Data section
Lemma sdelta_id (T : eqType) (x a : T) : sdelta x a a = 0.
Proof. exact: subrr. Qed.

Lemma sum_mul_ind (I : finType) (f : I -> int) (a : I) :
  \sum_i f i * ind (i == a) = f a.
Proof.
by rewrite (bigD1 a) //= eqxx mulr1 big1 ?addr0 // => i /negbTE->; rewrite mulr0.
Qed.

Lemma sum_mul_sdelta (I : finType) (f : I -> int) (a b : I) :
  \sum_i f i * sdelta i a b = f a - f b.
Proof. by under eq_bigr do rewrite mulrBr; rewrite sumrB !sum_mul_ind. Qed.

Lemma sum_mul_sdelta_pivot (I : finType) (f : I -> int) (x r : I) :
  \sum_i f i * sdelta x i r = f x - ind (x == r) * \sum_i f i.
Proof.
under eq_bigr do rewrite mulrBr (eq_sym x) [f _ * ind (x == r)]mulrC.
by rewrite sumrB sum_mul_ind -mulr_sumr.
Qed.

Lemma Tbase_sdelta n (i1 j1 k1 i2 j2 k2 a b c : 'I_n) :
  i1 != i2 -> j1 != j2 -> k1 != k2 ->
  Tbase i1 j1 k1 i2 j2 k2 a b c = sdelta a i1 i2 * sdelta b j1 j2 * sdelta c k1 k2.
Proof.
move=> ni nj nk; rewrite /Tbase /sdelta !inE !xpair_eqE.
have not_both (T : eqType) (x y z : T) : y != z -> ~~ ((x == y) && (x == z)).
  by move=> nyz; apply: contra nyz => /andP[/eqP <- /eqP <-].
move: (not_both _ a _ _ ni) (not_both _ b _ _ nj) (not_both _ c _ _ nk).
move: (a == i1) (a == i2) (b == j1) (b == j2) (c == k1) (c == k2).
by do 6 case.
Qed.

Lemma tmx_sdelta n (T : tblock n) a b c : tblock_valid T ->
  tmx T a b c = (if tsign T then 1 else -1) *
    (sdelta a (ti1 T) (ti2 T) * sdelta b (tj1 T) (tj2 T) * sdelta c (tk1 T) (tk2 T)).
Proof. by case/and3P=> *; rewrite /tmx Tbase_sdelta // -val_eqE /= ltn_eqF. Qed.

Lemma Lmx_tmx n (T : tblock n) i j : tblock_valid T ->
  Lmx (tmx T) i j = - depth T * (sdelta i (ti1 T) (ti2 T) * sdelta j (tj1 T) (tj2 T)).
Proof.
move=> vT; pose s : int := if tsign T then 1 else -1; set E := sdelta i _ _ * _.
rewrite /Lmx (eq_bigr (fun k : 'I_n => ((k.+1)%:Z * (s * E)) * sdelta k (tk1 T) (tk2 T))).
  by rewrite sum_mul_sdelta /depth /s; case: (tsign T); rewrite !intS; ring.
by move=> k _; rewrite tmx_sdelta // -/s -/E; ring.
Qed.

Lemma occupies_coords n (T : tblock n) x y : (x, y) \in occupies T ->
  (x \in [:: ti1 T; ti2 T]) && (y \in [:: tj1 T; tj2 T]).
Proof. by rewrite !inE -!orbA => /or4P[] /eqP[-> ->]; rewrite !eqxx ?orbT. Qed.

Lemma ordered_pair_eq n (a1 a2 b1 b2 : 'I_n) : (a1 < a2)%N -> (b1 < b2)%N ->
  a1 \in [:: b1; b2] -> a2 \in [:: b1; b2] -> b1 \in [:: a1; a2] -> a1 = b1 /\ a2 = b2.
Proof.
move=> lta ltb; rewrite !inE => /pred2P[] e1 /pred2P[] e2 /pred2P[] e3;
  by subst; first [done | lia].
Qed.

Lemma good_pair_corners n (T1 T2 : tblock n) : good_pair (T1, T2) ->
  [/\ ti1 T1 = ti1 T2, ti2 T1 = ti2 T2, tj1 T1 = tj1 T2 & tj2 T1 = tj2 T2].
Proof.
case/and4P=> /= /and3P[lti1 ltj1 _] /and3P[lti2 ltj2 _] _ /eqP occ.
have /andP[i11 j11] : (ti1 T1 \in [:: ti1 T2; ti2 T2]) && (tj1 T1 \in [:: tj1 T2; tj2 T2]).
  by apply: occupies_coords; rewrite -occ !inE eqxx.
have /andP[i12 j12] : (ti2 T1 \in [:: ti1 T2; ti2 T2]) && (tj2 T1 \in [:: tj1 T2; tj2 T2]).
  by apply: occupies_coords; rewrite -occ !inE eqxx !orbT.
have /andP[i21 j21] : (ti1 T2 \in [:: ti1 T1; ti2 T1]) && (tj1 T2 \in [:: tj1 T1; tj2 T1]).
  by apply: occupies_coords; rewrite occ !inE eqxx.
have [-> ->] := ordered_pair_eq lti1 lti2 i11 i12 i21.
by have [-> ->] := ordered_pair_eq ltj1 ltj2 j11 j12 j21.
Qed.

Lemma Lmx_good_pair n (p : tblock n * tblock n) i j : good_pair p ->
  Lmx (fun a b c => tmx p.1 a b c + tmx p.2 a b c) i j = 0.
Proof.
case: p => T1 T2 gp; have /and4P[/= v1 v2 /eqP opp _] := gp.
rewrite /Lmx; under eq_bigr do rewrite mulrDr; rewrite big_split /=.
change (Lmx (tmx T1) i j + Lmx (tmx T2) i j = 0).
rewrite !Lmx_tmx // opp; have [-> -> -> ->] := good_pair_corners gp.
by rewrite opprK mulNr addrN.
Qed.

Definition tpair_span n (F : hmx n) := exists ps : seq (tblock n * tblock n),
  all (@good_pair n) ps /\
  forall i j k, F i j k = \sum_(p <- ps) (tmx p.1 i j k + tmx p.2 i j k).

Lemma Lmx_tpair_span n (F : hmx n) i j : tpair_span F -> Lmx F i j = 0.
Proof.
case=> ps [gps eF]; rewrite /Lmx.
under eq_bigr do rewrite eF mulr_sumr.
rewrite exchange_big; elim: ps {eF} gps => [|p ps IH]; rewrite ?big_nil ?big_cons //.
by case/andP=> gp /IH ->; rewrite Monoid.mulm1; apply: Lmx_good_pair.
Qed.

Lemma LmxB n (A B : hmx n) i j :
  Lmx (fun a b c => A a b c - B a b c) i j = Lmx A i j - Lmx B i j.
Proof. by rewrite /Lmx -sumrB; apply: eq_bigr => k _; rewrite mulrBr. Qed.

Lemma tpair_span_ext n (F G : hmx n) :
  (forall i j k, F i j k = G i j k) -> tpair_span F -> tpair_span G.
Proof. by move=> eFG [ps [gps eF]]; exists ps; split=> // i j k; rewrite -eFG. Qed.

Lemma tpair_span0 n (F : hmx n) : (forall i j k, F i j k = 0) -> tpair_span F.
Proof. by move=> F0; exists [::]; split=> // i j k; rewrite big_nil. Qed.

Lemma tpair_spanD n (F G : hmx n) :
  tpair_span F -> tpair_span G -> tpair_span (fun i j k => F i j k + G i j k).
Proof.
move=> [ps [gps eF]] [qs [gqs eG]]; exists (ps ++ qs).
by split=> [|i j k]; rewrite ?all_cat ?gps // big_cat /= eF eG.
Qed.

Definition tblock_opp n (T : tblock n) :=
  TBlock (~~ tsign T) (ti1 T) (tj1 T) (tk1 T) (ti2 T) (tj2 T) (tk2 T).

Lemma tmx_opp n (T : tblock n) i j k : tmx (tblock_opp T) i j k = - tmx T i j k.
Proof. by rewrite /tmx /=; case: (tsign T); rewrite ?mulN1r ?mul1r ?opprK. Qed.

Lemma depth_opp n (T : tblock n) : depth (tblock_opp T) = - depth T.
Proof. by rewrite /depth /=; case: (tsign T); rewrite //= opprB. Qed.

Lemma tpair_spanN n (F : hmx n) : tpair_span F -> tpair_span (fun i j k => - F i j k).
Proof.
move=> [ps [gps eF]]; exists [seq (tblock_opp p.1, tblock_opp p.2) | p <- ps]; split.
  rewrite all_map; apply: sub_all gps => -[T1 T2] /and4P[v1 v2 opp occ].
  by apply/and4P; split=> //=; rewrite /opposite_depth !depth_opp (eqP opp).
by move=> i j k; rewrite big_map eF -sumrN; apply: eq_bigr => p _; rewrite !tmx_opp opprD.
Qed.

Assigned task
Starting at the line that contains "Lemma depth_opp n", copy every line down to the last line of the records above, exactly as written.

Output
Lemma depth_opp n (T : tblock n) : depth (tblock_opp T) = - depth T.
Proof. by rewrite /depth /=; case: (tsign T); rewrite //= opprB. Qed.

Lemma tpair_spanN n (F : hmx n) : tpair_span F -> tpair_span (fun i j k => - F i j k).
Proof.
move=> [ps [gps eF]]; exists [seq (tblock_opp p.1, tblock_opp p.2) | p <- ps]; split.
  rewrite all_map; apply: sub_all gps => -[T1 T2] /and4P[v1 v2 opp occ].
  by apply/and4P; split=> //=; rewrite /opposite_depth !depth_opp (eqP opp).
by move=> i j k; rewrite big_map eF -sumrN; apply: eq_bigr => p _; rewrite !tmx_opp opprD.
Qed.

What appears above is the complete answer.